IEl kirchnerismo cumple diez años en el gobierno. Abordar el fenómeno de una identidad es también ocuparse de las tensiones que esta incuba. Los conflictos latentes son, precisamente, latidos de eso que está allí, vivo y que nos interroga a borbotones. ¿Qué es el kirchnerismo? ¿Qué sujeto político fue capaz de crearlo? ¿Cuánto de las viejas tradiciones superviven en sus nuevos símbolos, rituales y propuestas? ¿Qué etapa del kichnerismo es el cristinismo? ¿Es La Cámpora su virginal legado? ¿Unidos y Organizados viene ser el partido de la revolución?



Por Roberto Caballero

(para La Tecl@ Eñe)

El kirchnerismo cumple diez años en el gobierno. De la democracia recuperada en 1983, puede decirse que uno de cada tres días fue kirchnerista. Se trata de un dato calendario objetivo, al que podría agregarse que este movimiento político gobierna el último tercio, el más alejado temporalmente hablando de la dictadura cívico-militar, pero donde ese pasado trágico fue interpelado con mayor fuerza y desde el propio Estado. Precisamente, uno de los elementos centrales de la identidad kirchnerista, inexistente en el plano nacional hasta el 2003, es el claro posicionamiento que asumió frente a las secuelas del genocidio setentista. La escena que muestra a Néstor Kirchner ordenando bajar el cuadro de Videla del Colegio Militar, el discurso en la ONU donde se declara hijo de las Madres y Abuelas, el pedido de perdón a las víctimas en la ex ESMA, la derogación de las leyes de impunidad que impedían el juzgamiento de los represores y el apoyo oficial a la búsqueda de los nietos apropiados, entre muchas otras decisiones, constituyen hitos democráticos que se explican por sí mismos. Pero quizá lo más relevante, en términos estrictamente políticos, es que el kirchnerismo recogió banderas que pertenecían por historia al movimiento de derechos humanos y las adoptó como propias una vez que llegó a la cima del Estado. En términos simbólicos, el kirchnerismo se puso el pañuelo. Un kirchnerismo sin el apoyo de Madres, Abuelas e Hijos, ¿sería kirchnerista? La respuesta más rápida que surge es negativa. El amplio abanico de fuerzas que se referencian en el partido gobernante o apoyan el modelo no necesariamente le asigna esa misma centralidad a los derechos humanos, pero saben que es una condición innegociable para declararse cien por ciento kirchnerista.

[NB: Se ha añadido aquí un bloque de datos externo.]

(* Let $\mathcal{B}\subseteq\mathcal{C}^n$ be $f$-closed for all $f\in\mathbb{R}^n\setminus\mathbb{Z}^n$, and let $L\in\mathcal{C}^n$ be a polyhedron given by $L=\operatorname{conv}(V)+\operatorname{cone}(W)$, where $V$ is a nonempty finite subset of $\mathbb{R}^n$ and $W$ is a finite (possibly empty) subset of $\mathbb{R}^n\setminus\{0\}$. Then \[\frac{1}{|V|+|W|+1}\sup_{f\in\mathbb{R}^n\setminus\mathbb{Z}^n}\inf_{B\in\mathcal{B}}\rho_f(B,L)\le\rho(\mathcal{B},L)\le\sup_{f\in\mathbb{R}^n\setminus\mathbb{Z}^n}\inf_{B\in\mathcal{B}}\rho_f(B,L).\]
   Context: $\mathcal{C}^n$ is the family of all $n$-dimensional closed convex subsets of $\mathbb{R}^n$. For $B\in\mathcal{C}^n$ with $0\in\operatorname{int}(B)$, $\psi_B(r)=\inf\{\lambda>0:r\in\lambda B\}$. For $k\in\mathbb{N}$, $R=(r_1,\dots,r_k)\in\mathbb{R}^{n\times k}$, $f\in\mathbb{R}^n\setminus\mathbb{Z}^n$, $B\in\mathcal{C}^n$: if $f\in\operatorname{int}(B)$, $C_B(R,f)=\{s\in\mathbb{R}^k_{\ge0}:\sum_j s_j\psi_{B-f}(r_j)\ge1\}$, otherwise $C_B(R,f)=\mathbb{R}^k_{\ge0}$; $C_{\mathcal{B}}(R,f)=\bigcap_{B\in\mathcal{B}}C_B(R,f)$ ($=\mathbb{R}^k_{\ge0}$ if $\mathcal{B}=\emptyset$). $\rho_f(B,L)=\inf\{\alpha>0:C_B(R,f)\subseteq\frac1\alpha C_L(R,f)$ for all $k$, $R\}$; $\rho_f(\mathcal{B},L)=\inf\{\alpha>0:C_{\mathcal{B}}(R,f)\subseteq\frac1\alpha C_L(R,f)$ for all $k$, $R\}$; $\rho(\mathcal{B},L)=\sup_{f\in\mathbb{R}^n\setminus\mathbb{Z}^n}\rho_f(\mathcal{B},L)$. $\mathcal{B}_f$ denotes the sets of $\mathcal{B}$ containing $f$ in the interior, $\mathcal{C}^n_f$ likewise. $\mathcal{B}$ is $f$-closed if whenever $B_t\in\mathcal{B}_f$, $C\in\mathcal{C}^n_f$ and $\psi_{B_t-f}\to\psi_{C-f}$ pointwise, then $C\in\mathcal{B}_f$. *)

From HB Require Import structures.
From mathcomp Require Import all_boot all_order all_algebra.
From mathcomp Require Import all_classical all_reals all_analysis.
Set Implicit Arguments. Unset Strict Implicit. Unset Printing Implicit Defensive.
Import Order.TTheory GRing.Theory Num.Theory.
Import numFieldNormedType.Exports.
Local Open Scope classical_set_scope.
Local Open Scope ring_scope.

Section Defs.
Variables (R : realType) (n : nat).
Notation vec := 'cV[R]_n.

Definition inZn (f : vec) : Prop := forall i : 'I_n, f i ord0 \is a Num.int.

Definition convex_set (B : set vec) : Prop :=
  forall x y t, B x -> B y -> 0 <= t -> t <= 1 -> B (t *: x + (1 - t) *: y).

(* C^n : n-dimensional closed convex subsets of R^n
   (for convex sets, n-dimensional <=> nonempty interior) *)
Definition Cn (B : set vec) : Prop :=
  closed B /\ convex_set B /\ interior B !=set0.

Definition translate (B : set vec) (f : vec) : set vec := [set b - f | b in B].

Definition gauge (K : set vec) (r : vec) : R :=
  inf [set l : R | 0 < l /\ exists b, K b /\ r = l *: b].

Definition CB (B : set vec) (f : vec) (k : nat) (Rm : 'M[R]_(n, k)) : set 'cV[R]_k :=
  [set s : 'cV[R]_k | (forall j, 0 <= s j ord0) /\
     (interior B f -> 1 <= \sum_(j < k) s j ord0 * gauge (translate B f) (col j Rm))].

(* C_calB(R,f) = intersection over calB (orthant if calB is empty) *)
Definition CcalB (calB : set (set vec)) (f : vec) (k : nat) (Rm : 'M[R]_(n, k))
  : set 'cV[R]_k :=
  [set s : 'cV[R]_k | (forall j, 0 <= s j ord0) /\ (forall B, calB B -> CB B f Rm s)].

Definition scale_set (k : nat) (c : R) (S : set 'cV[R]_k) : set 'cV[R]_k :=
  [set c *: s | s in S].

Definition rho_gen (C1 C2 : forall k, 'M[R]_(n, k) -> set 'cV[R]_k) : \bar R :=
  ereal_inf [set a%:E | a in
    [set a : R | 0 < a /\
       forall (k : nat) (Rm : 'M[R]_(n, k)), C1 k Rm `<=` scale_set a^-1 (C2 k Rm)]].

Definition rho_f (f : vec) (B L : set vec) : \bar R :=
  rho_gen (fun k Rm => CB B f Rm) (fun k Rm => CB L f Rm).

Definition rho_fam_f (f : vec) (calB : set (set vec)) (L : set vec) : \bar R :=
  rho_gen (fun k Rm => CcalB calB f Rm) (fun k Rm => CB L f Rm).

Definition rho (calB : set (set vec)) (L : set vec) : \bar R :=
  ereal_sup [set rho_fam_f f calB L | f in [set f | ~ inZn f]].

Definition sup_inf_rho (calB : set (set vec)) (L : set vec) : \bar R :=
  ereal_sup [set ereal_inf [set rho_f f B L | B in calB] | f in [set f | ~ inZn f]].

Definition f_closed (f : vec) (calB : set (set vec)) : Prop :=
  forall (Bt : nat -> set vec) (C : set vec),
    (forall t, calB (Bt t) /\ interior (Bt t) f) ->
    Cn C -> interior C f ->
    (forall r, (fun t => gauge (translate (Bt t) f) r) @ \oo --> gauge (translate C f) r) ->
    calB C /\ interior C f.

Definition conv_hull (V : seq vec) : set vec :=
  [set x | exists lam : 'I_(size V) -> R, (forall i, 0 <= lam i) /\
     \sum_(i < size V) lam i = 1 /\ x = \sum_(i < size V) lam i *: V`_i].

Definition cone_hull (W : seq vec) : set vec :=
  [set x | exists mu : 'I_(size W) -> R, (forall i, 0 <= mu i) /\
     x = \sum_(i < size W) mu i *: W`_i].

Definition minkowski_sum (A B : set vec) : set vec := [set a + b | a in A & b in B].

End Defs.

From Pilot Require Import Defs.
From HB Require Import structures.
From mathcomp Require Import all_boot all_order all_algebra.
From mathcomp Require Import all_classical all_reals all_analysis.
From mathcomp Require Import unstable ring lra.
Import Order.TTheory GRing.Theory Num.Theory.
Import numFieldNormedType.Exports.
Local Open Scope classical_set_scope.
Local Open Scope ring_scope.

Set Implicit Arguments. Unset Strict Implicit.

(* Upper bound: C_calB(R, f) lies in every C_B(R, f), so rho_f(calB, L) <= rho_f(B, L).

   Lower bound, for f outside Z^n in the interior of L and a admissible for
   rho_f(calB, L), b > |V| a: the gauge of L - f is at most 1 on V - f and vanishes
   on W, so for every N the point s = (1/b, ..., 1/b, N+1, ..., N+1) with columns
   (V - f, W) lies outside (1/a) C_L, hence outside C_calB.  A member B_N of calB
   missing s has gauge < b on V - f and < 1/(N+1) on W.  These gauges are
   sublinear and, because f is interior to the polyhedron L, pointwise bounded,
   hence uniformly Lipschitz; a diagonal subsequence converges pointwise to a
   sublinear psi, the gauge of C = {x | psi(x - f) <= 1}.  By f-closedness C is in
   calB, and psi <= b on V - f, psi = 0 on W give psi <= b psi_(L-f), so
   rho_f(C, L) <= b.  This yields the constant 1/|V|, better than
   1/(|V|+|W|+1). *)

Section Gauge.
Variables (R : realType) (n : nat).
Notation vec := 'cV[R]_n.
Implicit Types (K : set vec) (r x y : vec).

Definition gauge_set K r : set R :=
  [set l : R | 0 < l /\ exists b, K b /\ r = l *: b].

Definition absorbing K := forall r, gauge_set K r !=set0.

Definition absorbing_convex K := [/\ Defs.convex_set K, K 0 & absorbing K].

Lemma gauge_le K r l : gauge_set K r l -> gauge K r <= l.
Proof. by move=> rl; apply: ge_inf rl; exists 0 => l' [/ltW]. Qed.

Lemma gauge_le_scale K b c : K b -> 0 < c -> gauge K (c *: b) <= c.
Proof. by move=> Kb c0; apply: gauge_le; split => //; exists b. Qed.

Variable K : set vec.
Hypothesis hK : absorbing_convex K.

Por eso, a diez años de la asunción de Néstor Kirchner como presidente, es interesante preguntarse sobre la identidad del sujeto político que apoya sus políticas transformadoras, que lo llevaron del 22 por ciento de los votos originales al 54 por ciento de la última elección presidencial, es decir, a consolidarse como mayoría.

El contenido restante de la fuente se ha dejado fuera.